Selon les articles R. 4127-43 et 44 du code de la santé publique, le médecin a l’obligation de protéger l’enfant et de lui porter assistance. De ce fait, si lors de la consultation, il diagnostique des signes de violence, le praticien doit effectuer un signalement au risque d’être sujet à des poursuites judiciaires.

Il est également essentiel que la dénonciation se fasse dans les règles de l’art, car dans le cas contraire, une sanction est également possible. La démarche que doit adopter le spécialiste va cependant dépendre du niveau de gravité de la situation.

En cas de situation d’urgence

Ici, deux décisions de la part du médecin peuvent aider à sauver la vie de l’enfant. Il s’agit d’une part de faire appel au SAMU afin que le gamin soit conduit à l’hôpital. Une fois au sein du centre hospitalier, il revient au personnel présent d’effectuer le signalement. D’autre part, il faudra de façon immédiate mettre l’enfant à l’abri.

C’est la solution lorsque la situation est d’une extrême dangerosité. Il faut retenir que mettre l’enfant à l’abri consiste à l’hospitaliser sans délai puis à adresser par courrier et fax une lettre de signalement au procureur de la République après avoir informé ce dernier.

En cas de situation de non-urgence

Lorsque le médecin estime que la situation de maltraitance dans laquelle se trouve l’enfant ne possède pas un caractère urgent, il peut joindre par courrier et/ou fax la cellule départementale de recueil d’évaluation et de traitement des informations préoccupantes (CRIP).

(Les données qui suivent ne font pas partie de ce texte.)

(* Call phi_zeta and phi_zeta' unit-related on E if both are defined on E and
   phi_zeta'(x) = phi_zeta(x) e_x with e_x invertible for every x in E.  Sets in
   A_v are invariant under right multiplication by invertibles, so unit-relatedness
   on a member of U_x gives (zeta, x) ~1 (zeta', x).  Conversely, under ~1 on E,
   phi_zeta'(a) lies in phi_zeta(a) Lambda for a in E: otherwise an ultrafilter
   through (a Lambda cap E) minus phi_zeta'^{-1}(phi_zeta(a) Lambda) separates
   Phi_zeta from Phi_zeta'.  By symmetry and left cancellation, ~1 is exactly
   unit-relatedness near x, and (1) says that unit-relatedness forces equality.
   (2) => (1): if e = e_a is not an identity, (2) gives b with a b in E and e b or
   e^{-1} b outside b Lambda, whereas unit-relatedness at a b gives e b = b e' and
   e^{-1} b = b e'^{-1}.
   (1) => (2): if (2) fails for E, a, mu, the maps a d |-> d and a d |-> mu d are
   unit-related on E cap a Lambda; by (1) they agree at some a d, and right
   cancellation gives mu = s(a). *)

From Stdlib Require Import List Classical.
Import ListNotations.
From mathcomp Require classical_sets.
Set Bullet Behavior "Strict Subproofs".

Lemma last_cons {A : Type} (a : A) (l : list A) (d : A) :
  last (a :: l) d = last l a.
Proof.
  revert a d; induction l as [|b l IH]; intros a d; [reflexivity|].
  change (last (b :: l) d = last (b :: l) a); rewrite !IH; reflexivity.
Qed.

Section LeftCancellativeCategory.
Variable L : SmallCat.
Hypothesis hL : LeftCancellative L.
Local Notation M := (Mor L).

Lemma right_ideal_refl (a : M) : InRightIdeal L a a.
Proof. exists (idm (src a)); split; [apply rng_id|symmetry; apply comp_id_r]. Qed.

Lemma IsInverse_idm (v : Obj L) : IsInverse L (idm v) (idm v).
Proof.
  pose proof (comp_id_l L (idm v)) as Hvv; rewrite rng_id in Hvv.
  unfold IsInverse; rewrite src_id, rng_id; tauto.
Qed.

Lemma IsInverse_sym {d c : M} : IsInverse L d c -> IsInverse L c d.
Proof.
  intros [H1 [H2 [H3 H4]]]; unfold IsInverse.
  repeat split; [congruence|congruence|rewrite <- H1; exact H4|rewrite H2; exact H3].
Qed.

Lemma inverse_comp_comm {d c d' c' b : M} :
  IsInverse L d c -> IsInverse L d' c' -> src d = rng b -> rng d' = src b ->
  comp d b = comp b d' -> comp c b = comp b c'.
Proof.
  intros [I1 [I2 [I3 I4]]] [J1 [J2 [J3 J4]]] Hdb Hd'b Hcomm.
  assert (Hrd : rng d = rng b).
  { rewrite <- (rng_comp L d b), Hcomm by congruence; apply rng_comp; congruence. }
  assert (Hscb : src (comp c b) = src b) by (apply src_comp; congruence).
  assert (Hb : b = comp (comp c b) d').
  { rewrite <- comp_assoc, <- Hcomm, comp_assoc, I4, Hdb by congruence.
    symmetry; apply comp_id_l. }
  rewrite Hb at 2; rewrite <- comp_assoc, J3, Hd'b, <- Hscb by congruence.
  symmetry; apply comp_id_r.
Qed.

(** * Zigzag maps *)

Lemma zmap_src (l : list (M * M)) (x w : M) : zmap L l x w -> src w = src x.
Proof.
  revert w; induction l as [|[a b] t IH]; intros w H; simpl in H.
  - subst; reflexivity.
  - destruct H as [y [Hy [H1 [H2 H3]]]].
    rewrite <- (IH y Hy), <- (src_comp L a w) by congruence.
    rewrite H3; apply src_comp; congruence.
Qed.

Lemma zmap_comp_r (l : list (M * M)) (x w c : M) :
  zmap L l x w -> rng c = src x -> zmap L l (comp x c) (comp w c).
Proof.
  revert w; induction l as [|[a b] t IH]; intros w H Hc; simpl in H |- *.
  - subst; reflexivity.
  - destruct H as [y [Hy [H1 [H2 H3]]]].
    assert (Sy : src y = src x) by exact (zmap_src t x y Hy).
    assert (Sw : src w = src y).
    { rewrite <- (src_comp L a w) by congruence. rewrite H3; apply src_comp; congruence. }
    exists (comp y c); split; [apply IH; assumption|].
    repeat split; try (rewrite rng_comp by congruence; assumption).
    rewrite (comp_assoc L a w c), (comp_assoc L b y c), H3 by congruence; reflexivity.
Qed.

Lemma zmap_functional (l : list (M * M)) (x w w' : M) :
  zmap L l x w -> zmap L l x w' -> w = w'.
Proof.
  revert w w'; induction l as [|[a b] t IH]; intros w w' H H'; simpl in H, H'.
  - congruence.
  - destruct H as [y [Hy [H1 [H2 H3]]]], H' as [y' [Hy' [H1' [H2' H3']]]].
    assert (y = y') by exact (IH y y' Hy Hy'); subst y'.
    apply (hL a); congruence.
Qed.

Lemma zmap_rng (p : M * M) (t : list (M * M)) (x w : M) :
  zmap L (p :: t) x w -> rng x = src (snd (last t p)).
Proof.
  revert p w; induction t as [|q t IH]; intros [a b] w H; simpl in H.
  - destruct H as [y [Hy [H1 _]]]; subst; exact H1.
  - destruct H as [y [Hy _]]; rewrite last_cons; exact (IH q y Hy).
Qed.

Lemma phi_src {z : Zigzag L} {x w : M} : phi L z x w -> src w = src x.
Proof. apply zmap_src. Qed.

Lemma phi_rng {z : Zigzag L} {x w : M} : phi L z x w -> rng w = zrng L z.
Proof. destruct z as [[a b] t]; intros [y [_ [_ [H _]]]]; exact H. Qed.

Lemma phi_comp_r {z : Zigzag L} {x w : M} (c : M) :
  phi L z x w -> rng c = src x -> phi L z (comp x c) (comp w c).
Proof. apply zmap_comp_r. Qed.

Lemma phi_functional {z : Zigzag L} {x w w' : M} : phi L z x w -> phi L z x w' -> w = w'.
Proof. apply zmap_functional. Qed.

Lemma Adom_rng {z : Zigzag L} {x : M} : Adom L z x -> rng x = zsrc L z.
Proof. intros [w H]; exact (zmap_rng _ _ _ _ H). Qed.

Lemma Adom_comp_r {z : Zigzag L} {x : M} (c : M) :
  Adom L z x -> rng c = src x -> Adom L z (comp x c).
Proof. intros [w H] Hc; exists (comp w c); exact (phi_comp_r c H Hc). Qed.

(* [zcons g z] is the zigzag of [sigma^g o phi_z]. *)
Definition zcons (g : M) (z : Zigzag L) : Zigzag L :=
  ((g, idm (zrng L z)), zlist L z).

Lemma zcons_wf (g : M) (z : Zigzag L) :
  IsZigzag L z -> rng g = zrng L z -> IsZigzag L (zcons g z).
Proof.
  destruct z as [[a b] t]; unfold IsZigzag, zcons, zlist, zrng; simpl.
  intros Hz Hg; rewrite rng_id, src_id; tauto.
Qed.

Lemma zcons_src (g : M) (z : Zigzag L) : zsrc L (zcons g z) = zsrc L z.
Proof. unfold zsrc, zcons, zlist; cbn [fst snd]; rewrite last_cons; reflexivity. Qed.

Lemma Adom_zcons (g : M) (z : Zigzag L) (x : M) :
  Adom L (zcons g z) x <-> exists y, phi L z x y /\ InRightIdeal L g y.
Proof.
  split.
  - intros [w [y [Hy [H1 [H2 H3]]]]]; exists y; split; [exact Hy|].
    exists w; split; [exact H2|].
    rewrite H3, src_id in *; rewrite <- H1; symmetry; apply comp_id_l.
  - intros [y [Hy [d [Hd ->]]]]; exists d, (comp g d); split; [exact Hy|].
    repeat split; [rewrite src_id; exact (phi_rng Hy)|exact Hd|].
    rewrite <- (phi_rng Hy), comp_id_l; reflexivity.
Qed.

(* [zshift a m] is the zigzag of [tau^m o sigma^a], which maps [a d] to [m d]. *)
Definition zshift (a m : M) : Zigzag L := ((idm (src a), m), [(a, idm (rng a))]).

Section Shift.
Variables a m : M.
Hypotheses (Hrm : rng m = src a) (Hsm : src m = src a).

Lemma zshift_wf : IsZigzag L (zshift a m).
Proof. unfold IsZigzag, zshift, zlist; simpl; rewrite !rng_id; repeat split; congruence. Qed.

Lemma zshift_src : zsrc L (zshift a m) = rng a.
Proof. apply src_id. Qed.

Lemma phi_zshift (x w : M) :
  phi L (zshift a m) x w <->
  exists d, rng d = src a /\ x = comp a d /\ w = comp m d.
Proof.
  unfold phi, zshift, zlist; simpl; unfold zstep; rewrite !src_id; split.
  - intros [y [[y0 [-> [H1 [H2 H3]]]] [K1 [K2 K3]]]].
    exists y; repeat split; [exact H2| |].
    + rewrite H3, <- H1; symmetry; apply comp_id_l.
    + rewrite <- K3, <- K2; symmetry; apply comp_id_l.
  - intros [d [Hd [-> ->]]].
    assert (Rad : rng (comp a d) = rng a) by (apply rng_comp; congruence).
    exists d; split.
    + exists (comp a d); repeat split; [exact Rad|exact Hd|].
      rewrite <- Rad, comp_id_l; reflexivity.
    + repeat split; [congruence|rewrite rng_comp; congruence|].
      rewrite <- Hrm at 1; rewrite <- (rng_comp L m d) by congruence; apply comp_id_l.
Qed.

Lemma Adom_zshift (x : M) : Adom L (zshift a m) x <-> InRightIdeal L a x.
Proof.
  split.
  - intros [w [d [Hd [Hx _]]]%phi_zshift]; exists d; split; assumption.
  - intros [d [Hd Hx]]; exists (comp m d); apply phi_zshift; exists d; tauto.
Qed.

End Shift.

(** * The rings A_v *)

Lemma Av_ext {v : Obj L} {E F : M -> Prop} : Av L v E -> SetEq L E F -> Av L v F.
Proof. intros [E' [HE HEE']] HEF; exists E'; split; [exact HE|firstorder]. Qed.

Lemma Av_Adom (z : Zigzag L) : IsZigzag L z -> Av L (zsrc L z) (Adom L z).
Proof.
  intros Hz; destruct (classic (NonEmpty L (Adom L z))) as [Hn|Hn].
  - exists (Adom L z); split; [apply rg_gen; exists z|]; firstorder.
  - exists (fun _ => False); split; [apply rg_empty|].
    intro x; split; [intro Hx; apply Hn; exists x; exact Hx|tauto].
Qed.

Lemma Av_diff {v : Obj L} {E F : M -> Prop} :
  Av L v E -> Av L v F -> Av L v (fun x => E x /\ ~ F x).
Proof.
  intros [E' [HE HE']] [F' [HF HF']]; exists (fun x => E' x /\ ~ F' x).
  split; [apply rg_diff; assumption|firstorder].
Qed.

Lemma Av_inter {v : Obj L} {E F : M -> Prop} :
  Av L v E -> Av L v F -> Av L v (fun x => E x /\ F x).
Proof.
  intros HE HF; apply (Av_ext (Av_diff HE (Av_diff HE HF))).
  intro x; destruct (classic (F x)); tauto.
Qed.

Lemma Av_rng {v : Obj L} {E : M -> Prop} {x : M} : Av L v E -> E x -> rng x = v.
Proof.
  intros [E' [HE HEE']] Hx; apply HEE' in Hx; clear HEE'; revert x Hx.
  induction HE as [G [z [_ [Hs [_ HGz]]]]| |G1 G2 _ IH1 _ IH2|G1 G2 _ IH1 _ _];
    intros x Hx.
  - rewrite <- Hs; exact (Adom_rng (proj1 (HGz x) Hx)).
  - contradiction.
  - destruct Hx; auto.
  - exact (IH1 x (proj1 Hx)).
Qed.

Lemma Av_right_ideal (a : M) : Av L (rng a) (InRightIdeal L a).
Proof.
  assert (Hr : rng (idm (src a)) = src a) by apply rng_id.
  assert (Hs : src (idm (src a)) = src a) by apply src_id.
  rewrite <- (zshift_src a (idm (src a))).
  apply (Av_ext (Av_Adom _ (zshift_wf _ _ Hr Hs))).
  exact (Adom_zshift _ _ Hr Hs).
Qed.

(** * Units acting on the right *)

Definition UnitMultiple (y y' : M) : Prop :=
  exists e f, IsInverse L e f /\ rng e = src y /\ y' = comp y e.

Lemma UnitMultiple_refl (y : M) : UnitMultiple y y.
Proof.
  exists (idm (src y)), (idm (src y)).
  split; [apply IsInverse_idm|split; [apply rng_id|symmetry; apply comp_id_r]].
Qed.

Lemma UnitMultiple_sym {y y' : M} : UnitMultiple y y' -> UnitMultiple y' y.
Proof.
  intros [e [f [Hinv [He ->]]]]; pose proof Hinv as [I1 [I2 [I3 I4]]].
  exists f, e; split; [exact (IsInverse_sym Hinv)|split; [rewrite src_comp; congruence|]].
  rewrite <- comp_assoc, I3, He by congruence; symmetry; apply comp_id_r.
Qed.

Lemma Adom_UnitMultiple {z : Zigzag L} {y y' : M} :
  Adom L z y -> UnitMultiple y y' -> Adom L z y'.
Proof. intros Hy [e [f [_ [He ->]]]]; exact (Adom_comp_r e Hy He). Qed.

Lemma Av_UnitMultiple {v : Obj L} {F : M -> Prop} {y y' : M} :
  Av L v F -> UnitMultiple y y' -> F y -> F y'.
Proof.
  intros [F' [HF HFF']] Hyy'; rewrite (HFF' y), (HFF' y'); clear HFF'.
  revert y y' Hyy'.
  induction HF as [G [z [_ [_ [_ HGz]]]]| |G1 G2 _ IH1 _ IH2|G1 G2 _ IH1 _ IH2];
    intros y y' Hyy' Hy.
  - apply HGz in Hy; apply HGz; exact (Adom_UnitMultiple Hy Hyy').
  - exact Hy.
  - destruct Hy as [Hy|Hy]; [left; exact (IH1 _ _ Hyy' Hy)|right; exact (IH2 _ _ Hyy' Hy)].
  - destruct Hy as [Hy Hny]; split; [exact (IH1 _ _ Hyy' Hy)|].
    intro Hy'; exact (Hny (IH2 _ _ (UnitMultiple_sym Hyy') Hy')).
Qed.

Lemma right_ideal_inverse {mu nu d : M} :
  IsInverse L mu nu -> src mu = rng d -> rng mu = rng d ->
  InRightIdeal L d (comp nu d) -> InRightIdeal L (comp mu d) d.
Proof.
  intros [I1 [I2 [I3 I4]]] Hs Hr [f [Hf Hnd]].
  exists f; split; [rewrite src_comp; congruence|].
  rewrite <- comp_assoc, <- Hnd, comp_assoc, I3, Hr by (try rewrite src_comp; congruence).
  symmetry; apply comp_id_l.
Qed.

Lemma UnitMultiple_of_right_ideals {g g' : M} :
  InRightIdeal L g g' -> InRightIdeal L g' g -> UnitMultiple g g'.
Proof.
  intros [d [Hd Hg']] [c [Hc Hg]].
  assert (Hsd : src d = src g') by (rewrite Hg'; symmetry; apply src_comp; congruence).
  assert (Hsc : src c = src g) by (rewrite Hg; symmetry; apply src_comp; congruence).
  exists d, c; repeat split; [congruence|congruence| | |exact Hd|exact Hg'].
  - rewrite Hd; apply (hL g); [rewrite rng_comp; congruence|rewrite rng_id; reflexivity|].
    rewrite comp_assoc, <- Hg', <- Hg by congruence; symmetry; apply comp_id_r.
  - rewrite Hsd; apply (hL g'); [rewrite rng_comp; congruence|rewrite rng_id; reflexivity|].
    rewrite comp_assoc, <- Hg, <- Hg' by congruence; symmetry; apply comp_id_r.
Qed.

(** * Filters and ultrafilters *)

Lemma filter_Av {v U} {E : M -> Prop} : IsFilter L v U -> U E -> Av L v E.
Proof. intros HU HE; exact (proj1 (proj1 (proj2 HU) E HE)). Qed.

Lemma filter_ne {v U} {E : M -> Prop} : IsFilter L v U -> U E -> NonEmpty L E.
Proof. intros HU HE; exact (proj2 (proj1 (proj2 HU) E HE)). Qed.

Lemma filter_inter {v U} {E F : M -> Prop} :
  IsFilter L v U -> U E -> U F -> U (fun x => E x /\ F x).
Proof. intro HU; apply HU. Qed.

Lemma filter_up {v U} {E F : M -> Prop} :
  IsFilter L v U -> U E -> Av L v F -> Sub L E F -> U F.
Proof. intro HU; apply HU. Qed.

Dans ce contexte particulier, la situation est de l’ordre de la compétence de cette institution.

De plus, la CRIP est une source fiable pour élucider les doutes du praticien face à la situation de l’enfant. Outre cela, les décisions concernant le gamin doivent être prises en association avec le médecin de PMI et celui de l’école. Les parents de l’enfant doivent être aussi informés sauf si une telle démarche va contre ses intérêts.